Data Block Start

Lemma shrinking_sets_cluster (R : realType) (T : R -> set R) (m M e0 : R) :
  0 < e0 ->
  (forall e1 e2, e1 <= e2 -> T e1 `<=` T e2) ->
  (forall e, 0 < e -> T e !=set0) ->
  (forall e, T e `<=` [set t | m <= t]) ->
  T e0 `<=` [set t | t <= M] ->
  exists2 ts, m <= ts &
    forall d e, 0 < d -> 0 < e -> exists2 t, T e t & `|t - ts| < d.
Proof.
move=> e0_gt0 Tmono Tne Tlb Tub.
pose B := [set x | forall e, 0 < e -> exists2 t, T e t & x <= t].
have Bm : B m by move=> e /Tne [t Tt]; exists t => //; exact: Tlb Tt.
have BM : ubound B M by move=> x /(_ e0 e0_gt0) [t /Tub tM xt]; exact: le_trans tM.
have supB : has_sup B by split; [exists m | exists M].
exists (sup B); first exact: sup_upper_bound.
move=> d e d_gt0 e_gt0.
have [t1 Bt1 t1d] := sup_adherent d_gt0 supB.
have [e1 e1_gt0 Te1] : exists2 e1, 0 < e1 & forall t, T e1 t -> t < sup B + d.
  have : ~ B (sup B + d).
    by move=> /(sup_upper_bound supB); rewrite gerDl leNgt d_gt0.
  move=> /existsNP [e1 /not_implyP [e1_gt0 noT]]; exists e1 => // t Tt.
  by rewrite ltNge; apply/negP => tB; apply: noT; exists t.
have [mine mine1] : Num.min e e1 <= e /\ Num.min e e1 <= e1.
  by rewrite !ge_min !lexx orbT.
have [|t Tt t1t] := Bt1 (Num.min e e1); first by rewrite lt_min e_gt0 e1_gt0.
exists t; first exact: Tmono mine _ Tt.
have := Te1 t (Tmono _ _ mine1 _ Tt).
rewrite ltr_norml => tBd; apply/andP; split; lra.
Qed.

Section Closures.
Variables (R : realType) (b c1 c2 : R).
Hypotheses (b_gt0 : 0 < b) (c2_gt0 : 0 < c2) (c21 : c2 < c1).
Implicit Types (f g : R -> R).

Lemma t0_gt0 : 0 < t0 b c1 c2.
Proof. by rewrite /t0 divr_gt0 // subr_gt0. Qed.

Lemma t0_leP t : t0 b c1 c2 <= t -> b <= (c1 - c2) * t.
Proof. by rewrite /t0 ler_pdivrMr ?subr_gt0 // mulrC. Qed.

Lemma StClosed_of_approx f t : Omega f ->
  (forall d e, 0 < d -> 0 < e -> exists t' g,
     `|t' - t| < d /\ St b c1 c2 t' g /\ normOmega (f \- g) < e) ->
  StClosed b c1 c2 t f.
Proof.
move=> Of approx; split=> // s /andP [s0 st].
apply/ler_addgt0Pr => eps eps0.
have [cf _] := Of.
have eps3 : 0 < eps / 3 by lra.
have [d1 d1_gt0 fd1] := continuous_dist_lt (- t) cf eps3.
set d := Num.min d1 (Num.min (t - s) (Num.min 1 (eps / (3 * c2)))).
have [dd1 dts d1' dc2] : [/\ d <= d1, d <= t - s, d <= 1 & d <= eps / (3 * c2)].
  by rewrite /d !ge_min !lexx !orbT.
have d_gt0 : 0 < d by rewrite /d !lt_min d1_gt0 subr_gt0 st ltr01 divr_gt0 ?mulr_gt0.
set W := 3 + s + t; have W_gt0 : 0 < W by rewrite /W; lra.
have [|t' [g [tt' [[Og Hg] fge]]]] := approx d (eps / 3 / W) d_gt0.
  by rewrite !divr_gt0.
move: (tt'); rewrite ltr_norml => /andP [tt'1 tt'2].
have t'_gt0 : 0 < t' by lra.
have := normOmega_lt_increment (- s) (- t') Of Og fge.
rewrite !normrN !gtr0_norm // => fg.
have : b + c2 * t' - c1 * s < g (- s) - g (- t') by apply: Hg; apply/andP; split; lra.
have err : eps / 3 / W * ((1 + s) + (1 + t')) <= eps / 3.
  rewrite -[leRHS](divfK (lt0r_neq0 W_gt0)) ler_pM2l ?divr_gt0 //.
  by rewrite /W; lra.
have ftt' : `|f (- t) - f (- t')| < eps / 3.
  by apply: fd1; rewrite opprK addrC; exact: lt_le_trans tt' dd1.
have c2d : c2 * d <= eps / 3.
  have -> : eps / 3 = c2 * (eps / (3 * c2)) by field; rewrite gt_eqF.
  by rewrite ler_pM2l.
have c2tt' : c2 * (t - t') <= eps / 3.
  by apply: le_trans c2d; rewrite ler_pM2l //; lra.
rewrite mulrBr in c2tt'.
move: ftt'; rewrite ltr_norml => /andP [_ ftt']; lra.
Qed.

Lemma closure_St_sub t : closureOmega (St b c1 c2 t) `<=` StClosed b c1 c2 t.
Proof.
move=> f [Of fS]; apply: StClosed_of_approx => // d e d0 e0.
have [g [Sg fge]] := fS e e0.
by exists t, g; rewrite subrr normr0.
Qed.

Lemma StClosed_sub_closure_St t : t0 b c1 c2 <= t ->
  StClosed b c1 c2 t `<=` closureOmega (St b c1 c2 t).
Proof.
move=> t0t f [Of fS]; split=> // e e0.
have t_gt0 : 0 < t := lt_le_trans t0_gt0 t0t.
set d := e / (2 * t); have d_gt0 : 0 < d by rewrite divr_gt0 ?mulr_gt0.
pose k x := d * clamp (- t) t x.
have ck : continuous k.
  move=> x; apply: (@continuousM R R (fun=> d) (clamp _ _)).
    exact: cst_continuous.
  exact: clamp_continuous.
have tt : - t <= t by lra.
have k0 : k 0 = 0 by rewrite /k clamp_id ?mulr0 //; apply/andP; split; lra.
have kB : forall x, `|k x| <= e / 2.
  move=> x; have /andP [kx1 kx2] := clamp_itv x tt.
  have -> : e / 2 = d * t by rewrite /d; field; rewrite gt_eqF.
  rewrite /k normrM gtr0_norm //.
  by rewrite ler_pM2l // ler_norml kx1 kx2.
have [Ofk fk] := Omega_add_bounded Of ck k0 kB.
exists (f \+ k); split; last by lra.
split=> // s /andP [s0 st] /=.
rewrite /k !clamp_id; [|by apply/andP; split; lra|by apply/andP; split; lra].
have := fS s; rewrite s0 st => /(_ isT) fst.
have : 0 < d * (t - s) by rewrite mulr_gt0 // subr_gt0.
rewrite mulrBr; lra.
Qed.

Lemma StClosed_sub_closure_S t : t0 b c1 c2 <= t ->
  StClosed b c1 c2 t `<=` closureOmega (S b c1 c2).
Proof.
move=> t0t f [Of fS]; split=> // e e0.
have [cf _] := Of.
have t_gt0 : 0 < t := lt_le_trans t0_gt0 t0t.
have bt := t0_leP t0t; rewrite mulrBl in bt.
have c1_gt0 : 0 < c1 := lt_trans c2_gt0 c21.
have e4 : 0 < e / 4 by lra.
have [de de_gt0 fde] := continuous_dist_lt (- t) cf e4.
set d := Num.min (de / 2) (e / (4 * c1)).
have d_gt0 : 0 < d.
  by rewrite lt_min; apply/andP; split; [lra | rewrite divr_gt0 ?mulr_gt0].
have [dde dc1] : d <= de / 2 /\ d <= e / (4 * c1) by rewrite /d !ge_min !lexx !orbT.
have c1d : c1 * d <= e / 4.
  have -> : e / 4 = c1 * (e / (4 * c1)) by field; rewrite gt_eqF.
  by rewrite ler_pM2l.
have tdt : - (t + d) <= - t by lra.
(* f + k is f on [-t, oo), falls with slope c1 on [-(t + d), -t], and is a
   vertical translate of f below -(t + d). *)
pose c x := clamp (- (t + d)) (- t) x.
pose k x := f (- t) - f (c x) + c1 * (c x + t).
have ck : continuous k.
  move=> x.
  apply: (@continuousD _ _ _ (fun x => f (- t) - f (c x)) (fun x => c1 * (c x + t))).
    apply: (@continuousB _ _ _ (fun=> f (- t)) (f \o c)); first exact: cst_continuous.
    by apply: continuous_comp; [exact: clamp_continuous | exact: cf].
  apply: (@continuousM _ _ (fun=> c1) (fun x => c x + t)); first exact: cst_continuous.
  apply: (@continuousD _ _ _ c (fun=> t)); first exact: clamp_continuous.
  exact: cst_continuous.
have k0 : k 0 = 0.
  by rewrite /k /c clamp_hi //; [rewrite subrr addNr mulr0 addr0 | lra].
have kB : forall x, `|k x| <= e / 2.
  move=> x; have /andP [cx1 cx2] : - (t + d) <= c x <= - t := clamp_itv x tdt.
  have : `|f (- t) - f (c x)| < e / 4 by apply: fde; rewrite ger0_norm; lra.
  have : c1 * (c x + t) <= 0 by rewrite pmulr_rle0 //; lra.
  have : - (c1 * d) <= c1 * (c x + t) by rewrite -mulrN ler_pM2l //; lra.
  rewrite /k ltr_norml ler_norml => ? ? /andP [? ?]; apply/andP; split; lra.
have [Ofk fk] := Omega_add_bounded Of ck k0 kB.
exists (f \+ k); split; last by lra.
exists (t + d); first by rewrite /=; lra.
split=> // s /andP [s0 st'] /=.
have ktd : k (- (t + d)) = f (- t) - f (- (t + d)) - c1 * d.
  by rewrite /k /c clamp_lo ?lexx // (_ : - (t + d) + t = - d) ?mulrN; lra.
have c2c1 : c2 * d < c1 * d by rewrite ltr_pM2r.
rewrite ktd mulrDr.
have [st|ts] := leP s t.
  have -> : k (- s) = 0 by rewrite /k /c clamp_hi ?subrr ?addNr ?mulr0 ?addr0 //; lra.
  have fst : b + c2 * t - c1 * s <= f (- s) - f (- t).
    move: st; rewrite le_eqVlt => /orP [/eqP ->|st]; first by rewrite subrr; lra.
    by apply: fS; rewrite s0 st.
  lra.
rewrite /k /c clamp_id; last by apply/andP; split; lra.
rewrite mulrDr mulrN; lra.
Qed.

Lemma St_endpoint_ge g t : St b c1 c2 t g -> 0 < t -> b + c2 * t <= - g (- t).
Proof.
move=> [[cg [g0 _]] gS] t_gt0; apply/ler_addgt0Pr => eps eps0.
have c1_gt0 : 0 < c1 := lt_trans c2_gt0 c21.
have eps2 : 0 < eps / 2 by lra.
have [de de_gt0 gde] := continuous_dist_lt 0 cg eps2.
set s := Num.min (de / 2) (Num.min (eps / (2 * c1)) (t / 2)).
have [sde sc1 st] : [/\ s <= de / 2, s <= eps / (2 * c1) & s <= t / 2].
  by rewrite /s !ge_min !lexx !orbT.
have s_gt0 : 0 < s.
  by rewrite /s !lt_min; apply/and3P; split; rewrite ?divr_gt0 ?mulr_gt0 //; lra.
have c1s : c1 * s <= eps / 2.
  have -> : eps / 2 = c1 * (eps / (2 * c1)) by field; rewrite gt_eqF.
  by rewrite ler_pM2l.
have : `|g 0 - g (- s)| < eps / 2 by apply: gde; rewrite sub0r opprK gtr0_norm //; lra.
rewrite g0 sub0r normrN ltr_norml => /andP [_ gs].
have : b + c2 * t - c1 * s < g (- s) - g (- t) by apply: gS; apply/andP; split; lra.
lra.
Qed.

Definition approx_times f e : set R :=
  [set t | t0 b c1 c2 < t /\ exists2 g, St b c1 c2 t g & normOmega (f \- g) < e].

Lemma approx_times_bounded f : Omega f ->
  exists M, forall t, approx_times f (c2 / 4) t -> t <= M.
Proof.
move=> Of; have [_ [_ [_ fninfty]]] := Of.
have c24 : 0 < c2 / 4 by rewrite divr_gt0.
have [T [_ fT]] := (cvgrPdist_lt _ _).1 fninfty _ c24.
exists (Num.max (- T) 1) => t [t0t [g Sg fge]].
have t_gt0 : 0 < t := lt_trans t0_gt0 t0t.
rewrite le_max; have [//|Tt] := leP t (- T).
have Og : Omega g by case: Sg.
have : `|f (- t)| < c2 / 4 * (1 + t).
  have /fT : - t < T by lra.
  by rewrite sub0r normrN norm_weighted normrN (gtr0_norm t_gt0) ltr_pdivrMr //; lra.
have := normOmega_lt_pointwise (- t) Of Og fge; rewrite normrN (gtr0_norm t_gt0).
have := St_endpoint_ge Sg t_gt0.
rewrite ler_norml ltr_norml mulrDr mulr1 => gt /andP [fg1 fg2] /andP [ft1 ft2].
have : c2 * t < c2 * 1 by have := b_gt0; lra.
by rewrite ltr_pM2l // => /ltW ->; rewrite orbT.
Qed.

Lemma closure_S_sub f : closureOmega (S b c1 c2) f ->
  exists2 ts, t0 b c1 c2 <= ts & StClosed b c1 c2 ts f.
Proof.
move=> [Of fS]; have [M HM] := approx_times_bounded Of.
have c24 : 0 < c2 / 4 by rewrite divr_gt0.
have mono e1 e2 : e1 <= e2 -> approx_times f e1 `<=` approx_times f e2.
  by move=> e12 t [t0t [g Sg fge]]; split=> //; exists g => //; exact: lt_le_trans e12.
have ne e : 0 < e -> approx_times f e !=set0.
  by move=> /(fS e) [g [[t t0t Sg] fge]]; exists t; split=> //; exists g.
have lb e : approx_times f e `<=` [set t | t0 b c1 c2 <= t] by move=> t [/ltW].
have [ts t0ts cl] := shrinking_sets_cluster c24 mono ne lb HM.
exists ts => //; apply: StClosed_of_approx => // d e d_gt0 e_gt0.
by have [t [_ [g Sg fge]] td] := cl d e d_gt0 e_gt0; exists t, g.
Qed.

End Closures.

Theorem lemmaA1 (R : realType) (b c1 c2 : R) (hb : 0 < b) (hc2 : 0 < c2) (hc : c2 < c1) :
  (forall t : R, t0 b c1 c2 <= t ->
     closureOmega (St b c1 c2 t) = StClosed b c1 c2 t) /\
  closureOmega (S b c1 c2) =
    \bigcup_(t in [set t : R | t0 b c1 c2 <= t]) closureOmega (St b c1 c2 t).
Proof.
have closure_St t : t0 b c1 c2 <= t -> closureOmega (St b c1 c2 t) = StClosed b c1 c2 t.
  move=> t0t; apply/seteqP; split=> f; first exact: closure_St_sub.
  exact: StClosed_sub_closure_St.
split=> //; apply/seteqP; split=> f.
  by move=> /closure_S_sub [] // ts t0ts fts; exists ts; rewrite // closure_St.
by move=> [t t0t]; rewrite closure_St //; exact: StClosed_sub_closure_S.
Qed.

Data Block End

▶ [Task prompt]
Give again exactly, and only, the lines above starting at the one with "have supB : has_sup" and ending at the one with "move=> /existsNP [e1".

▶ [Result of the exercise]
have supB : has_sup B by split; [exists m | exists M].
exists (sup B); first exact: sup_upper_bound.
move=> d e d_gt0 e_gt0.
have [t1 Bt1 t1d] := sup_adherent d_gt0 supB.
have [e1 e1_gt0 Te1] : exists2 e1, 0 < e1 & forall t, T e1 t -> t < sup B + d.
  have : ~ B (sup B + d).
    by move=> /(sup_upper_bound supB); rewrite gerDl leNgt d_gt0.
  move=> /existsNP [e1 /not_implyP [e1_gt0 noT]]; exists e1 => // t Tt.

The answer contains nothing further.